Task statement - Respond with exact copies of the lines running from the line that contains "have relP := shift_relatedP hirr hdist hroot." to the end of the material.

★ ★ ★

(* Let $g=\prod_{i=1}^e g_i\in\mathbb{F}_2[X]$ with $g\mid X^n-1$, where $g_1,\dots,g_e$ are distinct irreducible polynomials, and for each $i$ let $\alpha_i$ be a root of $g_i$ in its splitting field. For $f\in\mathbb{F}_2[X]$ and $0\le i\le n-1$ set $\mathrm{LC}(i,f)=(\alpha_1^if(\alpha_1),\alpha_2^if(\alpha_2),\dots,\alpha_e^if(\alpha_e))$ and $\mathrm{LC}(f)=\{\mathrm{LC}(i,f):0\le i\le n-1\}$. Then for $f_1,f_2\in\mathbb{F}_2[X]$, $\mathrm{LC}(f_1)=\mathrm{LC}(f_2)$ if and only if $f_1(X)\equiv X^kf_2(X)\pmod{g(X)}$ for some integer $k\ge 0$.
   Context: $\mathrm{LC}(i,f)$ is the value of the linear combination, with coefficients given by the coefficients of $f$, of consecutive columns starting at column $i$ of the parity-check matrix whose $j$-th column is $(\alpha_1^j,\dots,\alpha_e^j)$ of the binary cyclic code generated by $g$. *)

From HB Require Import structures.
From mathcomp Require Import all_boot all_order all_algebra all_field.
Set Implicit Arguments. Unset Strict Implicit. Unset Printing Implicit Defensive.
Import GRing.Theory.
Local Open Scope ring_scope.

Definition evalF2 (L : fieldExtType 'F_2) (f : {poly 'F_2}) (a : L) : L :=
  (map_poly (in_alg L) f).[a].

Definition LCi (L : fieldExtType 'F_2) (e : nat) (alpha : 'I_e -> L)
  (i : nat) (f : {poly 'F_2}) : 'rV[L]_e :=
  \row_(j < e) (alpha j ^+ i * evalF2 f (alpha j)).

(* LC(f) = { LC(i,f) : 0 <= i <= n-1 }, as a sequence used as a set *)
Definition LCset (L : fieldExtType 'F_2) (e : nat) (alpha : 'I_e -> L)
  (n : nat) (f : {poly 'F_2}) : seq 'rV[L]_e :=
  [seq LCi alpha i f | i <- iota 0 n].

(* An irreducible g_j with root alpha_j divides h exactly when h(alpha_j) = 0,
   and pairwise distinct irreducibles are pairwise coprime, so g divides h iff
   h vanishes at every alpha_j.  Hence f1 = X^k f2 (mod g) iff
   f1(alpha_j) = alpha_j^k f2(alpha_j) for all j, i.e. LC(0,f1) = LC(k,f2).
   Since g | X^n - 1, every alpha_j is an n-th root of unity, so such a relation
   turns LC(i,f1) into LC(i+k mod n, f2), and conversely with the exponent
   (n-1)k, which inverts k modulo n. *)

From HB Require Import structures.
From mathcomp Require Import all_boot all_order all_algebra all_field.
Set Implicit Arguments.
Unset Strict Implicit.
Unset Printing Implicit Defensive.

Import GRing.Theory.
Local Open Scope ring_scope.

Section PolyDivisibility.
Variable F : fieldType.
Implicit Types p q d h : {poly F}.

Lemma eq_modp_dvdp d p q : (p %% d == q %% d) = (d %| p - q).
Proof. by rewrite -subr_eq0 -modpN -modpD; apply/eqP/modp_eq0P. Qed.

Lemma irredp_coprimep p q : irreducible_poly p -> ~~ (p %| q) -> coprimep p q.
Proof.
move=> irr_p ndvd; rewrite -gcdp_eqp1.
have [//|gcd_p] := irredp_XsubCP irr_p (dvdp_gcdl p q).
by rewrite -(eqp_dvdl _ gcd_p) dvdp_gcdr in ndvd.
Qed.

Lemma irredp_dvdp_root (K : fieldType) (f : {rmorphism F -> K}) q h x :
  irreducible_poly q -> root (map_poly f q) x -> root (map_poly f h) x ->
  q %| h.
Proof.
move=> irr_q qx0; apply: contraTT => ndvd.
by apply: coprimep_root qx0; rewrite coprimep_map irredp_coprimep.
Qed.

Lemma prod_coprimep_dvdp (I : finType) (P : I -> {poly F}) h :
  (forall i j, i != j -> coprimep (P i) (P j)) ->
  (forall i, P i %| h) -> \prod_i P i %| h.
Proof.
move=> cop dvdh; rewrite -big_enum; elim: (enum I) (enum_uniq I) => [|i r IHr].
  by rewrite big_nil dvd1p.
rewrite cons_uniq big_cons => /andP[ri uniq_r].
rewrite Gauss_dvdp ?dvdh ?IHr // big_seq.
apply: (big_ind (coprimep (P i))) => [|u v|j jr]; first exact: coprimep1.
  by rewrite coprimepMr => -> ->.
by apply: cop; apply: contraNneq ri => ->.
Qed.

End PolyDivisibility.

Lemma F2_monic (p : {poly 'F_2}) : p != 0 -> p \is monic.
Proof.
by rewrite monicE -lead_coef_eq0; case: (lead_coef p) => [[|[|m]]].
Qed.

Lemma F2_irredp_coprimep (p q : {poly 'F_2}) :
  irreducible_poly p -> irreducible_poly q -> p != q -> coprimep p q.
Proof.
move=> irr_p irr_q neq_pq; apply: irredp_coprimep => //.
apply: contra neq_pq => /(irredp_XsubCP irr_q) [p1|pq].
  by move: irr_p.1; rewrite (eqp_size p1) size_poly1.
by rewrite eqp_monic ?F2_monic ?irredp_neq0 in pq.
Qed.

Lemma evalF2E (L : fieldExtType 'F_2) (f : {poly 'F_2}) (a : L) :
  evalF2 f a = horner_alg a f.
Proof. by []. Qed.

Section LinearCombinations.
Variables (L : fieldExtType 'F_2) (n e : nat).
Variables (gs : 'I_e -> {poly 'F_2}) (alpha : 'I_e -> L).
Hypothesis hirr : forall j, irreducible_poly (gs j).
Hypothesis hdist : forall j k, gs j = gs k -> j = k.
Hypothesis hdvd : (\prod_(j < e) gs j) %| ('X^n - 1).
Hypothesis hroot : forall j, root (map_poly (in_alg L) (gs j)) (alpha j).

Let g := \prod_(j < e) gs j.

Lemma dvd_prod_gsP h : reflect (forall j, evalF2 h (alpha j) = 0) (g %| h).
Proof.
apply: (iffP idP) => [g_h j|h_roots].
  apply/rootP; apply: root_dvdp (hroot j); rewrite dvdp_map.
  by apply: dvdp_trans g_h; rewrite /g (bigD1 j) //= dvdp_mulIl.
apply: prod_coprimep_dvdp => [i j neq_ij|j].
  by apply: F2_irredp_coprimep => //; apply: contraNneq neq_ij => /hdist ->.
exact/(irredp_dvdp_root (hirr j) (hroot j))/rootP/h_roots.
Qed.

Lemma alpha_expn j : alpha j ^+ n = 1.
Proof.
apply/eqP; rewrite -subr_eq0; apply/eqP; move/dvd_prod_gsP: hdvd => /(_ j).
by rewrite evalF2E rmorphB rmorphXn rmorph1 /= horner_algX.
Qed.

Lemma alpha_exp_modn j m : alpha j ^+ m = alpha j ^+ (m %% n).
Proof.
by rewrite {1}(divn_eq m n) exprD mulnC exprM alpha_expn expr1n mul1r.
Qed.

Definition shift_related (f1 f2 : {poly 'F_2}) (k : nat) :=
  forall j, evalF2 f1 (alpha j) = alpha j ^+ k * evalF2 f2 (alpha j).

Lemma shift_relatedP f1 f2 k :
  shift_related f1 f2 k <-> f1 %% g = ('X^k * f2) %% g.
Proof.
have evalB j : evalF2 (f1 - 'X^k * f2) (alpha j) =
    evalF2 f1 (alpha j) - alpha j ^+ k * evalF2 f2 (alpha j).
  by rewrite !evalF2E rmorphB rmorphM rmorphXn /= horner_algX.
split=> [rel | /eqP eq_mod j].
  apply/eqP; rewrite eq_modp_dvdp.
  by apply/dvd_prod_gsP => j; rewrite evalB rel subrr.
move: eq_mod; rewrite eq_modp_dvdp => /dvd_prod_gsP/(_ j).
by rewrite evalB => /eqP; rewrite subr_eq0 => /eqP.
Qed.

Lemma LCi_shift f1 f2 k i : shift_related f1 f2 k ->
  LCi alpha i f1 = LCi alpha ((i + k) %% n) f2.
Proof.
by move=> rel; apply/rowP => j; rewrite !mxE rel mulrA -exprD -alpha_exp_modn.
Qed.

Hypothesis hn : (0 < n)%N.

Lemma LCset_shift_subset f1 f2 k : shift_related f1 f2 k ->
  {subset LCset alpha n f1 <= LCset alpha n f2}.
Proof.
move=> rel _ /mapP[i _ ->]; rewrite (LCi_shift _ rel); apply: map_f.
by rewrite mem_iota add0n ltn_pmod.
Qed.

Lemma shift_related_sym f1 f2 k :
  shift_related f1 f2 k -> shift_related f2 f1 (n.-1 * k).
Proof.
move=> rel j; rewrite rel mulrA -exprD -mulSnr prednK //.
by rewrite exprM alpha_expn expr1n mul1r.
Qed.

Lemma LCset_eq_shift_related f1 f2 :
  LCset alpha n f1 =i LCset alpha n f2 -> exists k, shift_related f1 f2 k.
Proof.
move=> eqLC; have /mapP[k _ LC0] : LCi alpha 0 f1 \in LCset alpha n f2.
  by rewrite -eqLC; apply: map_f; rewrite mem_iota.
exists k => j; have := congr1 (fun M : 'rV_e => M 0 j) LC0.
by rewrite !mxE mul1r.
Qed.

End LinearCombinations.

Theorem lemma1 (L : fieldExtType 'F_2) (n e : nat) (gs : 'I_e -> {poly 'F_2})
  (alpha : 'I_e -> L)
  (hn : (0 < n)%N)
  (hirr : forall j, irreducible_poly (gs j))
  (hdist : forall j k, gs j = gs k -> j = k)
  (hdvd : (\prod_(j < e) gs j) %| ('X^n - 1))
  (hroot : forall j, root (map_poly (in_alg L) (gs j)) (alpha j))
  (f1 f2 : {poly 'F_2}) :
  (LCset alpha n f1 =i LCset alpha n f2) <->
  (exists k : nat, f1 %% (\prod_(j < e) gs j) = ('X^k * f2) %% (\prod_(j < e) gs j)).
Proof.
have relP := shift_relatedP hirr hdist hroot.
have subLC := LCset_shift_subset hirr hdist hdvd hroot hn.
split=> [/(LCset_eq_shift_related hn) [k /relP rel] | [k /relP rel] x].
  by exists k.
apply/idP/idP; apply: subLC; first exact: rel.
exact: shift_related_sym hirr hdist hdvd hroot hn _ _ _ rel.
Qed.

★ ★ ★

Response box -
have relP := shift_relatedP hirr hdist hroot.
have subLC := LCset_shift_subset hirr hdist hdvd hroot hn.
split=> [/(LCset_eq_shift_related hn) [k /relP rel] | [k /relP rel] x].
  by exists k.
apply/idP/idP; apply: subLC; first exact: rel.
exact: shift_related_sym hirr hdist hdvd hroot hn _ _ _ rel.
Qed.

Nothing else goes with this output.